__Data extract__:
(* the regular right module L_L (matrix of right multiplication
   v |-> v * a in a K-basis of L) *)
Definition reg_mod : rmod :=
  @RMod (\dim {:L}) (fun a => passmx.mxof (vbasis {:L}) (vbasis {:L}) (amulr a)).

Definition indecomposable (M : rmod) : Prop :=
  [/\ is_rmod M, (0 < rdim M)%N
    & forall N1 N2, is_rmod N1 -> is_rmod N2 -> iso M (dsum N1 N2) ->
        rdim N1 = 0%N \/ rdim N2 = 0%N].

Definition basic_alg : Prop :=
  exists s : seq rmod,
    [/\ forall i, (i < size s)%N -> indecomposable (nth zero_mod s i),
        forall i j, (i < size s)%N -> (j < size s)%N -> i <> j ->
          ~ iso (nth zero_mod s i) (nth zero_mod s j)
      & iso reg_mod (dsum_list s)].

(* tau-tilting finiteness, via the finiteness of tors L
   (Demonet-Iyama-Jasso) *)
Definition tau_tilting_finite : Prop :=
  exists (n : nat) (F : nat -> rmod -> Prop),
    forall T, is_tors T -> exists i, (i < n)%N /\ cat_eq T (F i).

Definition nullc : rmod -> Prop := fun _ => False.

Definition atom_cond (A : seq (rmod -> Prop)) (U : rmod -> Prop) : Prop :=
  [/\ is_tors U,
      forall i, (i < size A)%N -> subcat (nth nullc A i) U
    & forall B, is_atom B -> subcat B U ->
        exists i, (i < size A)%N /\ cat_eq B (nth nullc A i)].

Definition cond2 (A : seq (rmod -> Prop)) (T : rmod -> Prop) : Prop :=
  [/\ forall i, (i < size A)%N -> is_atom (nth nullc A i),
      atom_cond A T
    & forall U, atom_cond A U -> subcat U T].

Definition simple_cond (S : seq rmod) (U : rmod -> Prop) : Prop :=
  [/\ is_tors U,
      forall i, (i < size S)%N -> U (nth zero_mod S i)
    & forall M, simple M -> U M ->
        exists i, (i < size S)%N /\ iso M (nth zero_mod S i)].

Definition cond3 (S : seq rmod) (T : rmod -> Prop) : Prop :=
  [/\ forall i, (i < size S)%N -> simple (nth zero_mod S i),
      forall i j, (i < size S)%N -> (j < size S)%N -> i <> j ->
        ~ iso (nth zero_mod S i) (nth zero_mod S j),
      simple_cond S T
    & forall U, simple_cond S U -> subcat U T].

End RightModules.

(* Torsion classes are controlled by their simple modules.  The atoms of tors L
   are exactly the torsion classes T(S) generated by one simple module S, and
   T(S) lies below a torsion class U iff S belongs to U; so sets of atoms and
   sets of simple modules determine each other, and conditions (2) and (3)
   coincide.  The simple modules of a torsion class have a finite set of
   representatives because tors L, hence the set of simple modules up to
   isomorphism, is finite.  For P projective, Gen P contains every torsion
   class all of whose simple modules are quotients of P: a map P^k -> M of
   maximal rank is onto, for otherwise a simple quotient of M killing its
   image would lift back through P.  Hence the largest torsion class whose
   simple modules are those of a given set is Gen of the projective cover of
   their direct sum.  Such a cover exists: a projective module of minimal
   dimension mapping onto M does so essentially, by Fitting's lemma. *)

From mathcomp Require Import all_boot all_order all_algebra all_field boolp.
Set Implicit Arguments. Unset Strict Implicit. Unset Printing Implicit Defensive.
Import GRing.Theory.
Local Open Scope ring_scope.
(* Let $G$ be a totally disconnected locally compact group, $K\leq G$ a compact open subgroup and $\mathcal{G}=K\backslash G/K$ the quotient hypergroup. If $X$ is any $G$-boundary such that $K\backslash X$ is totally disconnected, then $K\backslash X$ (with $\mathrm{C}(K\backslash X)=\mathrm{C}(X)^K$ carrying its natural $\mathcal{G}$-action) is a $\mathcal{G}$-boundary.
   Context: A $G$-boundary is a compact $G$-space that is minimal (all orbits dense) and strongly proximal (for every Borel probability measure $\mu$ on $X$, the weak* closure of $G\mu$ contains a point mass). The quotient hypergroup $\mathcal{G}=K\backslash G/K$ has unit $K$, involution $\overline{KgK}=Kg^{-1}K$ and product $(KgK)*(KhK)=\frac{1}{[K:K\cap hKh^{-1}]}\sum_{l\in K/(K\cap hKh^{-1})}\delta_{KglhK}$ on (point masses of) elements. The $\mathcal{G}$-action on $\mathrm{C}(X)^K$ is $(KgK)f=\int_K k g f\,dk$ with $dk$ normalized Haar measure. A $\mathcal{G}$-action on a compact space $Y$ is a family of unital completely positive maps $\alpha_g$ on $\mathrm{C}(Y)$, $g \in \mathcal{G}$, with $\alpha_e=\mathrm{id}$ and $\alpha_g\alpha_h=\int\alpha_k\,d(\delta_g*\delta_h)(k)$; $\mathcal{G}$ then acts on the probability measures $\mathcal{P}(Y)$ by the dual maps. Such a $\mathcal{G}$-space $Y$ is minimal if $\overline{\mathrm{conv}}(\mathcal{G}\delta_y)=\mathcal{P}(Y)$ for every $y\in Y$, strongly proximal if for every $\mu\in\mathcal{P}(Y)$ the closure $\overline{\mathcal{G}\mu}$ contains a point mass, and a $\mathcal{G}$-boundary if it is minimal and strongly proximal. *)

From HB Require Import structures.
From mathcomp Require Import all_boot all_order all_algebra.
From mathcomp Require Import all_classical all_reals all_analysis.
Set Implicit Arguments. Unset Strict Implicit. Unset Printing Implicit Defensive.
Import Order.TTheory GRing.Theory Num.Theory.
Import numFieldNormedType.Exports.
Local Open Scope classical_set_scope.
Local Open Scope ring_scope.

Record topgroup (G : topologicalType) (mul : G -> G -> G) (inv : G -> G)
    (one : G) : Prop := TopGroup {
  tg_mulA : forall a b c, mul a (mul b c) = mul (mul a b) c;
  tg_mul1g : forall a, mul one a = a;
  tg_mulg1 : forall a, mul a one = a;
  tg_mulVg : forall a, mul (inv a) a = one;
  tg_mulgV : forall a, mul a (inv a) = one;
  tg_mul_cont : continuous (fun p : G * G => mul p.1 p.2);
  tg_inv_cont : continuous inv;
  tg_hausdorff : hausdorff_space G }.

Definition tdlc_group (G : topologicalType) mul inv (one : G) : Prop :=
  [/\ topgroup mul inv one, locally_compact [set: G]
    & totally_disconnected [set: G]].

Definition compact_open_subgroup (G : topologicalType) (mul : G -> G -> G)
    (inv : G -> G) (one : G) (K : set G) : Prop :=
  [/\ K one, (forall a b, K a -> K b -> K (mul a b)),
      (forall a, K a -> K (inv a)), compact K & open K].

Definition continuous_action (G X : topologicalType) (mul : G -> G -> G)
    (one : G) (act : G -> X -> X) : Prop :=
  [/\ continuous (fun p : G * X => act p.1 p.2),
      (forall x, act one x = x) &
      (forall g h x, act (mul g h) x = act g (act h x))].

Definition compact_hausdorff (X : topologicalType) : Prop :=
  compact [set: X] /\ hausdorff_space X.

Section States.
Variables (R : realType) (T : topologicalType).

__Activity__: Out of the data above, return each line where the word "From" can be found.

__Task output__:
From mathcomp Require Import all_boot all_order all_algebra all_field boolp.
From HB Require Import structures.
From mathcomp Require Import all_boot all_order all_algebra.
From mathcomp Require Import all_classical all_reals all_analysis.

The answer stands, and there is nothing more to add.